Task statement ::
From the line containing "isOpen X (fun _ => True) /\" down to the line containing "P (fun x => exists" in the records below, reproduce every line exactly, ends included, and omit all others.

Data listing ::
(* The category $\mathbf{Top_S}$ of topological spaces and sober maps is equivalent to the opposite of the category $\mathbf{SMT_P}$ of spatial MT-algebras and proximity morphisms. The equivalence sends a space $X$ to $\mathcal P X$, a sober map $f:X\rightsquigarrow Y$ to the proximity morphism $\mathcal P Y\to\mathcal P X$ determined by $U\mapsto\{x\in X: U\in f(x)\}$ on open sets $U$ of $Y$, a spatial MT-algebra $M$ to $\mathrm{at}\,M$, and a proximity morphism $g:M\to N$ to the sober map $\mathrm{at}\,N\rightsquigarrow\mathrm{at}\,M$, $y\mapsto\{\eta_M(a): a\in\mathcal O M,\ y\le g(a)\}$.
   Context: For a space $X$, $\Omega X$ is its frame of opens, $\mathrm{pt}\,L$ the space of completely prime filters of a frame $L$ (opens $\{P: a\in P\}$), and $s X=\mathrm{pt}\,\Omega X$ the soberification with $\lambda_X:X\to sX$, $\lambda_X(x)=\{U\in\Omega X: x\in U\}$; $s$ is a functor, and $\lambda_{sZ}$ is a homeomorphism. A sober map $f:X\rightsquigarrow Y$ is a continuous map $f:X\to sY$. The composite of $f:X\rightsquigarrow Y$ and $g:Y\rightsquigarrow Z$ is $g\bullet f=\lambda_{sZ}^{-1}\circ sg\circ f$, and the identity on $X$ is $\lambda_X$; this defines $\mathbf{Top_S}$. An MT-algebra is a complete boolean algebra $M$ with $\square$ satisfying $\square1=1$, $\square(a\wedge b)=\square a\wedge\square b$, $\square a\le a$, $\square a\le\square\square a$; $\Diamond=\neg\square\neg$; open: $\square a=a$; locally closed: $a=\square b\wedge\Diamond c$; $\mathcal OM$, $\mathcal{LC}M$ as usual. $\mathcal PX$ is the powerset of $X$ with topological interior. $\mathrm{at}\,M$ is the set of atoms with topology $\{\eta_M(u):u\in\mathcal OM\}$, $\eta_M(a)=\{x\in\mathrm{at}\,M:x\le a\}$; $M$ is spatial if $\eta_M$ is injective. A proximity morphism $f:M\to N$ is a map with (P1) $f|_{\mathcal O M}:\mathcal O M\to\mathcal O N$ a frame morphism; (P2) $f(a\wedge b)=f(a)\wedge f(b)$; (P3) $f(\bigvee S)=\bigvee f[S]$ for finite $S\subseteq\mathcal{LC}M$; (P4) $f(a)=\bigvee\{f(x):x\in\mathcal{LC}M,x\le a\}$. Proximity morphisms compose by $(g\star f)(a)=\bigvee\{g(f(x)):x\in\mathcal{LC}M_1,x\le a\}$ with identities $1_M(a)=\bigvee\{x\in\mathcal{LC}M:x\le a\}$; a proximity morphism is determined by its values on open elements. *)

From Stdlib Require Import List.

Record RawSpace := { pts : Type; isOpen : (pts -> Prop) -> Prop }.
Arguments isOpen : clear implicits.

Definition is_topology (X : RawSpace) : Prop :=
  isOpen X (fun _ => True) /\
  (forall U V, isOpen X U -> isOpen X V -> isOpen X (fun x => U x /\ V x)) /\
  (forall F : (pts X -> Prop) -> Prop,
     (forall U, F U -> isOpen X U) -> isOpen X (fun x => exists U, F U /\ U x)).

(* completely prime filters of the frame Omega X (top = whole set,
   meets = intersections, joins = unions) *)
Definition cpf (X : RawSpace) (P : (pts X -> Prop) -> Prop) : Prop :=
  (forall U, P U -> isOpen X U) /\
  P (fun _ => True) /\
  (forall U V, isOpen X V -> P U -> (forall x, U x -> V x) -> P V) /\
  (forall U V, P U -> P V -> P (fun x => U x /\ V x)) /\
  (forall F : (pts X -> Prop) -> Prop, (forall U, F U -> isOpen X U) ->
     P (fun x => exists U, F U /\ U x) -> exists U, F U /\ P U).

(* a sober map X ~> Y : a continuous map X -> sY = pt (Omega Y);
   the opens of sY are {P | U \in P}, U open in Y *)
Definition smap (X Y : RawSpace) := pts X -> (pts Y -> Prop) -> Prop.

Definition sober_map (X Y : RawSpace) (f : smap X Y) : Prop :=
  (forall x, cpf Y (f x)) /\
  (forall U, isOpen Y U -> isOpen X (fun x => f x U)).

Definition sid (X : RawSpace) : smap X X := fun x U => isOpen X U /\ U x.

(* g . f = lambda_{sZ}^{-1} o s g o f, unfolded:
   (g . f)(x) = { W in Omega Z | { y | W in g y } in f x } *)
Definition scomp (X Y Z : RawSpace) (g : smap Y Z) (f : smap X Y) : smap X Z :=
  fun x W => isOpen Z W /\ f x (fun y => g y W).

Record RawMT := {
  car : Type;
  le : car -> car -> Prop;
  sup : (car -> Prop) -> car;
  cmpl : car -> car;
  box : car -> car }.
Arguments le : clear implicits.
Arguments sup : clear implicits.
Arguments cmpl : clear implicits.
Arguments box : clear implicits.

Definition top (M : RawMT) : car M := sup M (fun _ => True).
Definition bot (M : RawMT) : car M := sup M (fun _ => False).
Definition join (M : RawMT) (a b : car M) : car M := sup M (fun x => x = a \/ x = b).
Definition meet (M : RawMT) (a b : car M) : car M :=
  sup M (fun x => le M x a /\ le M x b).

Definition is_CBA (M : RawMT) : Prop :=
  (forall a, le M a a) /\
  (forall a b c, le M a b -> le M b c -> le M a c) /\
  (forall a b, le M a b -> le M b a -> a = b) /\
  (forall S a, S a -> le M a (sup M S)) /\
  (forall S b, (forall a, S a -> le M a b) -> le M (sup M S) b) /\
  (forall a b c, meet M a (join M b c) = join M (meet M a b) (meet M a c)) /\
  (forall a, meet M a (cmpl M a) = bot M /\ join M a (cmpl M a) = top M).

Definition is_MT (M : RawMT) : Prop :=
  is_CBA M /\
  box M (top M) = top M /\
  (forall a b, box M (meet M a b) = meet M (box M a) (box M b)) /\
  (forall a, le M (box M a) a) /\
  (forall a, le M (box M a) (box M (box M a))).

Solution ::
  isOpen X (fun _ => True) /\
  (forall U V, isOpen X U -> isOpen X V -> isOpen X (fun x => U x /\ V x)) /\
  (forall F : (pts X -> Prop) -> Prop,
     (forall U, F U -> isOpen X U) -> isOpen X (fun x => exists U, F U /\ U x)).

(* completely prime filters of the frame Omega X (top = whole set,
   meets = intersections, joins = unions) *)
Definition cpf (X : RawSpace) (P : (pts X -> Prop) -> Prop) : Prop :=
  (forall U, P U -> isOpen X U) /\
  P (fun _ => True) /\
  (forall U V, isOpen X V -> P U -> (forall x, U x -> V x) -> P V) /\
  (forall U V, P U -> P V -> P (fun x => U x /\ V x)) /\
  (forall F : (pts X -> Prop) -> Prop, (forall U, F U -> isOpen X U) ->
     P (fun x => exists U, F U /\ U x) -> exists U, F U /\ P U).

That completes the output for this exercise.